Dzisiejszy manicure robiłam tylko po to aby zakryć ścierające się końcówki ponieważ nie chciało mi się zmywać lakieru. Okazało się ,że paznokcie są na tyle ciekawe, że zwracały uwagę koleżanek w pracy. Dlatego postanowiłam, że również Wam je pokażę:
Użyte lakiery: żółty z Vipery niestety już ma starty numer, a niebieski Ados to 544
Wzorek na prawdę prosty w wykonaniu, fajna opcja do naprawienia wytartych końcówek :)
Świetny patent! Sama bym chyba na to nie wpadła :)
OdpowiedzUsuńświetny pomysł, jesteś baardzo kreatywna :)
OdpowiedzUsuńpomysłowe pazurki :) nic dziwnego, że zwracały uwagę :)
OdpowiedzUsuńPrzeurocze :) Swietnie Ci to wyszło:)
OdpowiedzUsuńŚwietny pomysł :)
OdpowiedzUsuńFajnie wyszło ♥
OdpowiedzUsuńBardzo ładnie i świetny ma kolor ten niebieski lakier:)

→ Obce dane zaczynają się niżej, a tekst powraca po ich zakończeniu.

(* Let $d\in\mathbb{N}$, $k\in\{1,\dots,d\}$ and $\mathbf{e}_1\in\mathbb{R}^d$. Assume there exists $\delta>0$ such that (a) $\big||e_{1i}|-|e_{1j}|\big|\ge\sqrt2\,\delta$ for all $i\neq j$ in $\mathrm{TopFeatures}(\mathbf{e}_1;\min(k+1,d))$, and (b) if $k=d$, additionally $|e_{1i}|\ge\delta$ for all $i\in[d]$. Then for every $\mathbf{e}_2\in\mathbb{R}^d$, $$1-\mathrm{SignedRankAgree}(\mathbf{e}_1,\mathbf{e}_2;k)\le\delta^{-1}\,\|\mathbf{e}_1-\mathbf{e}_2\|_2 .$$
   Context: $\|\cdot\|_2$ is the Euclidean norm. $\mathrm{sign}(x):=1$ if $x\ge0$ and $-1$ otherwise. For $\mathbf{x}\in\mathbb{R}^d$, $\mathrm{rank}(\mathbf{x},i)$ denotes the position of index $i$ when indices are ordered by descending $|x_i|$, i.e. $|\{j\in[d]:|x_j|\ge|x_i|\}|$, with ties broken so that ranks form a permutation of $[d]$ (paper's convention: if $|x_i|=|x_j|$ with $i>j$ then $\mathrm{rank}(\mathbf{x},j)=\mathrm{rank}(\mathbf{x},i)+1$). $\mathrm{TopFeatures}(\mathbf{x};m):=\{i\in[d]:\mathrm{rank}(\mathbf{x},i)\le m\}$. The top-$k$ signed rank agreement is $\mathrm{SignedRankAgree}(\mathbf{e}_1,\mathbf{e}_2;k):=\frac1k\big|\{i\in[d]: i\in\mathrm{TopFeatures}(\mathbf{e}_1;k)\wedge i\in\mathrm{TopFeatures}(\mathbf{e}_2;k)\wedge\mathrm{sign}(e_{1i})=\mathrm{sign}(e_{2i})\wedge\mathrm{rank}(\mathbf{e}_1,i)=\mathrm{rank}(\mathbf{e}_2,i)\}\big|$. *)

From mathcomp Require Import all_boot all_order all_algebra.
Set Implicit Arguments. Unset Strict Implicit. Unset Printing Implicit Defensive.
Import Order.TTheory GRing.Theory Num.Theory.
Local Open Scope ring_scope.

Section Defs.
Variables (R : rcfType) (d : nat).

Definition sgn (x : R) : R := if 0 <= x then 1 else -1.

Definition norm2 (x : 'I_d -> R) : R := Num.sqrt (\sum_(i < d) (x i) ^+ 2).

(* rank(x,i): position of i when ordered by descending |x_i|, ties broken so
   that a larger index comes first (paper: |x_i|=|x_j|, i>j => rank j = rank i + 1). *)
Definition rank (x : 'I_d -> R) (i : 'I_d) : nat :=
  #|[set j : 'I_d | (`|x i| < `|x j|) || ((`|x j| == `|x i|) && (i <= j)%N)]|.

Definition TopFeatures (x : 'I_d -> R) (m : nat) : {set 'I_d} :=
  [set i : 'I_d | (rank x i <= m)%N].

Definition SignedRankAgree (e1 e2 : 'I_d -> R) (k : nat) : R :=
  #|[set i : 'I_d | (i \in TopFeatures e1 k) && (i \in TopFeatures e2 k)
                       && (sgn (e1 i) == sgn (e2 i)) && (rank e1 i == rank e2 i)]|%:R
  / k%:R.

End Defs.

From mathcomp Require Import all_boot all_order all_algebra.
From mathcomp Require Import zify lra.
Import Order.TTheory GRing.Theory Num.Theory.
Local Open Scope ring_scope.

(* If ||e1 - e2|| >= delta the bound is trivial, so let ||e1 - e2|| < delta: any two
   coordinates of e1 - e2 then have total size below sqrt 2 * delta. A top-k feature i
   of e1 is (sqrt 2 * delta)-separated in absolute value from every other coordinate
   (those outside the top k+1 are dominated by the feature of rank k+1), and
   |e1 i| >= delta. Hence no comparison with |e1 i| flips or becomes a tie in e2 and
   the sign of e1 i survives: every top-k feature keeps its rank and sign, and the
   agreement is 1. *)

Section Rank.
Context {R : rcfType} {d : nat}.
Implicit Types (x : 'I_d -> R) (i j l : 'I_d).

Definition outranks x j i : bool :=
  (`|x i| < `|x j|) || ((`|x j| == `|x i|) && (i <= j)%N).

Lemma rankE x i : rank x i = #|[set j | outranks x j i]|.
Proof. by []. Qed.

Lemma outranks_refl x i : outranks x i i.
Proof. by rewrite /outranks eqxx leqnn orbT. Qed.

Lemma outranks_trans x i j l : outranks x l j -> outranks x j i -> outranks x l i.
Proof.
rewrite /outranks => /orP[lt_jl|/andP[/eqP eq_lj le_jl]] /orP[lt_ij|/andP[/eqP eq_ji le_ij]].
- by rewrite (lt_trans lt_ij lt_jl).
- by rewrite -eq_ji lt_jl.
- by rewrite eq_lj lt_ij.
- by rewrite eq_lj eq_ji eqxx (leq_trans le_ij le_jl) orbT.
Qed.
Arguments outranks_trans {x i j l}.

Lemma outranks_anti x i j : outranks x j i -> outranks x i j -> i = j.
Proof.
rewrite /outranks => /orP[lt_ij|/andP[/eqP eq_ji le_ij]] /orP[lt_ji|/andP[/eqP eq_ij le_ji]].
- by move: (lt_trans lt_ij lt_ji); rewrite ltxx.
- by move: lt_ij; rewrite eq_ij ltxx.
- by move: lt_ji; rewrite eq_ji ltxx.
- by apply: val_inj; apply/eqP; rewrite eqn_leq le_ij le_ji.
Qed.
Arguments outranks_anti {x i j}.

Lemma outranks_total x i j : outranks x j i || outranks x i j.
Proof. by rewrite /outranks; case: ltgtP => //= _; rewrite leq_total. Qed.

Lemma rank_lt_outranks x i j : outranks x j i -> j != i -> (rank x j < rank x i)%N.
Proof.
move=> j_i neq_ji; rewrite !rankE; apply: proper_card; apply/properP; split.
  by apply/subsetP => l; rewrite !inE => /outranks_trans; apply.
exists i; rewrite !inE ?outranks_refl //.
by apply: contra neq_ji => /(outranks_anti j_i) ->.
Qed.
Arguments rank_lt_outranks {x i j}.

Lemma rank_inj x : injective (rank x).
Proof.
move=> i j eq_ij; apply: contraTeq isT => neq_ij.
have neq_ji : j != i by rewrite eq_sym.
case/orP: (outranks_total x i j) => [/rank_lt_outranks/(_ neq_ji)|].
  by rewrite eq_ij ltnn.
by move/rank_lt_outranks/(_ neq_ij); rewrite eq_ij ltnn.
Qed.

Lemma rank_gt0 x i : (0 < rank x i)%N.
Proof. by rewrite rankE; apply/card_gt0P; exists i; rewrite inE outranks_refl. Qed.

Lemma rank_le x i : (rank x i <= d)%N.
Proof. by rewrite rankE (leq_trans (max_card _)) ?card_ord. Qed.

Lemma rank_lt_norm_ge x i j : (rank x i < rank x j)%N -> `|x j| <= `|x i|.
Proof.
move=> lt_ij; rewrite leNgt; apply: contraL lt_ij => lt_norm.
have [->|neq_ji] := eqVneq j i; first by rewrite ltnn.
by rewrite -leqNgt ltnW // rank_lt_outranks // /outranks lt_norm.
Qed.

Lemma rank_pred_lt x i : ((rank x i).-1 < d)%N.
Proof. by have := rank_gt0 x i; have := rank_le x i; lia. Qed.

Definition rank_ord x i : 'I_d := Ordinal (rank_pred_lt x i).

Lemma rank_ord_bij x : bijective (rank_ord x).
Proof.
apply: injF_bij => i j /(congr1 val) /= eq_ij; apply: (@rank_inj x).
by have := rank_gt0 x i; have := rank_gt0 x j; lia.
Qed.

Lemma rank_onto x r : (0 < r <= d)%N -> exists i, rank x i = r.
Proof.
move=> r_bd; have r_lt : (r.-1 < d)%N by lia.
have [g _ g_rank] := rank_ord_bij x.
exists (g (Ordinal r_lt)); have := congr1 val (g_rank (Ordinal r_lt)) => /=.
by have := rank_gt0 x (g (Ordinal r_lt)); lia.
Qed.

Lemma card_TopFeatures x k : (k <= d)%N -> #|TopFeatures x k| = k.
Proof.
move=> k_le_d.
have -> : TopFeatures x k = rank_ord x @^-1: [set r : 'I_d | (r < k)%N].
  by apply/setP => i; rewrite !inE /=; have := rank_gt0 x i; lia.
rewrite card_preimset; last exact: bij_inj (rank_ord_bij x).
have -> : [set r : 'I_d | (r < k)%N] = widen_ord k_le_d @: [set: 'I_k].
  apply/setP => r; rewrite inE; apply/idP/imsetP => [r_lt_k|[s _ ->]].
    by exists (Ordinal r_lt_k); rewrite ?inE //; apply: val_inj.
  exact: (ltn_ord s).
have widen_inj : injective (widen_ord k_le_d).
  by move=> a b /(congr1 val) eq_ab; apply: val_inj.
by rewrite (card_imset _ widen_inj) cardsT card_ord.
Qed.

End Rank.

Section TopSeparation.
Context {R : rcfType} {d k : nat} {x : 'I_d -> R} {s : R}.
Hypothesis top_sep : forall i j : 'I_d,
  i \in TopFeatures x (minn k.+1 d) -> j \in TopFeatures x (minn k.+1 d) -> i != j ->
  s <= `| `|x i| - `|x j| |.

Lemma top_sep_all i : (rank x i <= k)%N -> forall j, j != i -> s <= `| `|x i| - `|x j| |.
Proof.
move=> rank_i j neq_ji.
have i_top : i \in TopFeatures x (minn k.+1 d) by rewrite inE; have := rank_le x i; lia.
have [j_top|j_out] := boolP (j \in TopFeatures x (minn k.+1 d)).
  by apply: top_sep; rewrite // eq_sym.
have {j_out} rank_j : (minn k.+1 d < rank x j)%N by move: j_out; rewrite inE -ltnNge.
have [m rank_m] : exists m, rank x m = k.+1.
  by apply: rank_onto; have := rank_le x j; lia.
have m_top : m \in TopFeatures x (minn k.+1 d) by rewrite inE rank_m; have := rank_le x j; lia.
have neq_im : i != m by apply: contraTneq rank_i => ->; rewrite rank_m ltnn.
have le_mi : `|x m| <= `|x i| by apply: rank_lt_norm_ge; rewrite rank_m ltnS.
have le_jm : `|x j| <= `|x m|.
  by apply: rank_lt_norm_ge; rewrite rank_m; have := rank_le x j; lia.
have := top_sep _ _ i_top m_top neq_im.
have := ler_norm (`|x i| - `|x j|).
by rewrite [`| `|x i| - `|x m| |]ger0_norm ?subr_ge0 //; lra.
Qed.

Lemma top_norm_ge i : (k < d)%N -> (rank x i <= k)%N -> s <= `|x i|.
Proof.
move=> k_lt_d rank_i.
have [m rank_m] : exists m, rank x m = k.+1 by apply: rank_onto; lia.
have neq_mi : m != i by apply: contraTneq rank_i => <-; rewrite rank_m ltnn.
have le_mi : `|x m| <= `|x i| by apply: rank_lt_norm_ge; rewrite rank_m ltnS.
have := top_sep_all _ rank_i _ neq_mi; have := normr_ge0 (x m).
by rewrite [`| `|x i| - `|x m| |]ger0_norm ?subr_ge0 //; lra.
Qed.

End TopSeparation.

Lemma lt_perturb (R : realDomainType) (a b a' b' s : R) :
  s <= `|a - b| -> `|a - a'| + `|b - b'| < s ->
  [/\ (b == a) = false, (b' == a') = false & (a < b) = (a' < b')].
Proof.
move=> sep small.
have /ler_normlP[? ?] := lexx `|a - a'|; have /ler_normlP[? ?] := lexx `|b - b'|.
case: (ltgtP a b) sep => [lt_ab|lt_ba|<-] sep.
- have lt_ab' : a' < b' by rewrite distrC gtr0_norm ?subr_gt0 // in sep; lra.
  by rewrite lt_ab' !gt_eqF.
- have lt_ba' : b' < a' by rewrite gtr0_norm ?subr_gt0 // in sep; lra.
  by rewrite lt_eqF // ltNge ltW.
- by rewrite subrr normr0 in sep; have := normr_ge0 (a - a'); have := normr_ge0 (a - b'); lra.
Qed.
Arguments lt_perturb {R a b a' b' s}.

Lemma rank_perturb (R : rcfType) (d : nat) (x y : 'I_d -> R) (i : 'I_d) (s : R) :
  (forall j, j != i -> s <= `| `|x i| - `|x j| |) ->
  (forall j, j != i -> `|x i - y i| + `|x j - y j| < s) ->
  rank y i = rank x i.
Proof.
move=> sep small; rewrite !rankE; apply: eq_card => j; rewrite !inE /outranks.
have [->|neq_ji] := eqVneq j i; first by rewrite !eqxx leqnn !orbT.
have small_norm : `| `|x i| - `|y i| | + `| `|x j| - `|y j| | < s.
  have := ler_dist_dist (x i) (y i); have := ler_dist_dist (x j) (y j).
  by have := small j neq_ji; lra.
by have [-> -> ->] := lt_perturb (sep j neq_ji) small_norm.
Qed.
Arguments rank_perturb {R d x y i s}.

Lemma sgn_perturb (R : rcfType) (a b : R) : `|a - b| < `|a| -> sgn b = sgn a.
Proof.
rewrite /sgn ltr_norml; case: (lerP 0 a) => [a_ge0|a_lt0].
- by rewrite ger0_norm // => /andP[? ?]; have -> : 0 <= b by lra.
- rewrite ltr0_norm // => /andP[? ?].
  by have -> : (0 <= b) = false by apply/negbTE; rewrite -ltNge; lra.
Qed.

Section Norm2.
Context {R : rcfType} {d : nat}.
Implicit Types a : 'I_d -> R.

Lemma norm2_ge0 a : 0 <= norm2 a.
Proof. exact: sqrtr_ge0. Qed.

Lemma normr_le_norm2 a i : `|a i| <= norm2 a.
Proof.
rewrite /norm2 -sqrtr_sqr ler_sqrt ?sumr_ge0 // => [|l _]; last exact: sqr_ge0.
by rewrite (bigD1 i) //= lerDl sumr_ge0 // => l _; apply: sqr_ge0.
Qed.

Lemma normrD_le_norm2 a i j : i != j ->
  `|a i| + `|a j| <= Num.sqrt 2 * norm2 a.
Proof.
move=> neq_ij; rewrite /norm2 -sqrtrM // -[leLHS]ger0_norm ?addr_ge0 // -[leLHS]sqrtr_sqr.
rewrite ler_sqrt ?mulr_ge0 ?sumr_ge0 // => [|l _]; last exact: sqr_ge0.
have : `|a i| ^+ 2 + `|a j| ^+ 2 <= \sum_l a l ^+ 2.
  rewrite !real_normK ?num_real // (bigD1 i) //= (bigD1 j) 1?eq_sym //= addrA lerDl.
  by rewrite sumr_ge0 // => l _; apply: sqr_ge0.
by have := sqr_ge0 (`|a i| - `|a j|); nra.
Qed.

End Norm2.

Lemma SignedRankAgree_eq1 (R : rcfType) (d k : nat) (e1 e2 : 'I_d -> R) :
  (0 < k <= d)%N ->
  (forall i, i \in TopFeatures e1 k -> sgn (e2 i) = sgn (e1 i) /\ rank e2 i = rank e1 i) ->
  SignedRankAgree e1 e2 k = 1.
Proof.
move=> /andP[k_gt0 k_le_d] agree; rewrite /SignedRankAgree; set S := [set _ | _].
suff -> : S = TopFeatures e1 k by rewrite card_TopFeatures // divff // pnatr_eq0 -lt0n.
apply/setP => i; rewrite inE; apply/idP/idP => [/andP[/andP[/andP[]]] //|i_top].
have [sgn_i rank_i] := agree i i_top.
by move: i_top; rewrite !inE sgn_i rank_i !eqxx => ->.
Qed.

Theorem lemma5 (R : rcfType) (d k : nat) (e1 : 'I_d -> R) (delta : R) :
  (1 <= k <= d)%N ->
  0 < delta ->
  (forall i j : 'I_d, i \in TopFeatures e1 (minn k.+1 d) ->
     j \in TopFeatures e1 (minn k.+1 d) -> i != j ->
     Num.sqrt 2 * delta <= `| `|e1 i| - `|e1 j| |) ->
  (k = d -> forall i : 'I_d, delta <= `|e1 i|) ->
  forall e2 : 'I_d -> R,
    1 - SignedRankAgree e1 e2 k <= delta^-1 * norm2 (fun i => e1 i - e2 i).
Proof.
move=> k_bd delta_gt0 top_sep top_norm e2.
set eps := norm2 _.
have sqrt2_ge1 : 1 <= Num.sqrt (2 : R) by rewrite -[leLHS]sqrtr1 ler_sqrt // ler1n.
have [delta_le_eps|eps_lt_delta] := lerP delta eps.
  have : 1 <= delta^-1 * eps by rewrite ler_pdivlMl // mulr1.
  have : 0 <= SignedRankAgree e1 e2 k by rewrite divr_ge0 ?ler0n.
  lra.
rewrite SignedRankAgree_eq1 // => [|i i_top].
  by rewrite subrr mulr_ge0 ?invr_ge0 ?(ltW delta_gt0) //; exact: norm2_ge0.
have rank_i : (rank e1 i <= k)%N by rewrite inE in i_top.
have norm_i : delta <= `|e1 i|.
  have [/top_norm//|k_ne_d] := eqVneq k d.
  have k_lt_d : (k < d)%N by rewrite ltn_neqAle k_ne_d; case/andP: k_bd.
  exact: le_trans (ler_peMl (ltW delta_gt0) sqrt2_ge1) (top_norm_ge top_sep i k_lt_d rank_i).
split.
  apply: sgn_perturb; apply: le_lt_trans (normr_le_norm2 (fun l => e1 l - e2 l) i) _.
  exact: lt_le_trans eps_lt_delta norm_i.
apply: rank_perturb (top_sep_all top_sep i rank_i) _ => j neq_ji.
have neq_ij : i != j by rewrite eq_sym.
apply: le_lt_trans (normrD_le_norm2 (fun l => e1 l - e2 l) i j neq_ij) _.
by rewrite ltr_pM2l // (lt_le_trans ltr01 sqrt2_ge1).
Qed.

OdpowiedzUsuńGenialne!!! Ale fajny pomysł... muszę kiedyś wypróbować :)
OdpowiedzUsuńhehe bardzo fajna sprawa i super pomysł! :)
OdpowiedzUsuńZaryzykuj, może pokochasz piaskowe lakiery? :) Ja też do nich podchodziłam bardzo sceptycznie, ale ten mnie zachwycił :)
Usuńno proszę! potrzeba matką wynalazków ;) bardzo ładnie wyszło i dobrze komponują się te kolorki
OdpowiedzUsuńja spisalam ten żółty lakier na straty, bo pędzelek to jakiś koszmar :/
Masz rację tym pędzelkiem nie da się nic zrobić, ja kropki robiłam aplikatorem od Essence
UsuńBardzo efektownie to wygląda! Podkradnę pomysł, bo mam już pozdzierane końcówki na czerwonym lakierze :P
OdpowiedzUsuńCiekawy efekt ;)
OdpowiedzUsuńpięknu kobalt :)
OdpowiedzUsuńŚliczniutkie są :)
OdpowiedzUsuńŚwietny pomysł super , podchwycam pomysł ;)
OdpowiedzUsuńciekawy pomysł, wygląda bardzo efektownie :)
OdpowiedzUsuńinteresujące połaczenie :D!
OdpowiedzUsuńCo jak co ale efekt i sam pomysł niczego sobie :D
OdpowiedzUsuńFaktycznie to sposób na wycieranie końcówek:)
OdpowiedzUsuńŚwietny pomysł :D Dodatkowo ciekawie wygląda :)
OdpowiedzUsuńFajnie fajnie :)
OdpowiedzUsuńzapraszam do mnie na rozdanie -> http://probki-konkursy-testowanie.blogspot.com/
Ooo bardzo fajne! :)
OdpowiedzUsuńAle fajny pomysł i połączenie kolorków :)
OdpowiedzUsuńfajnie to wygląda :)
OdpowiedzUsuńMega połączenie, cudnie się prezentują.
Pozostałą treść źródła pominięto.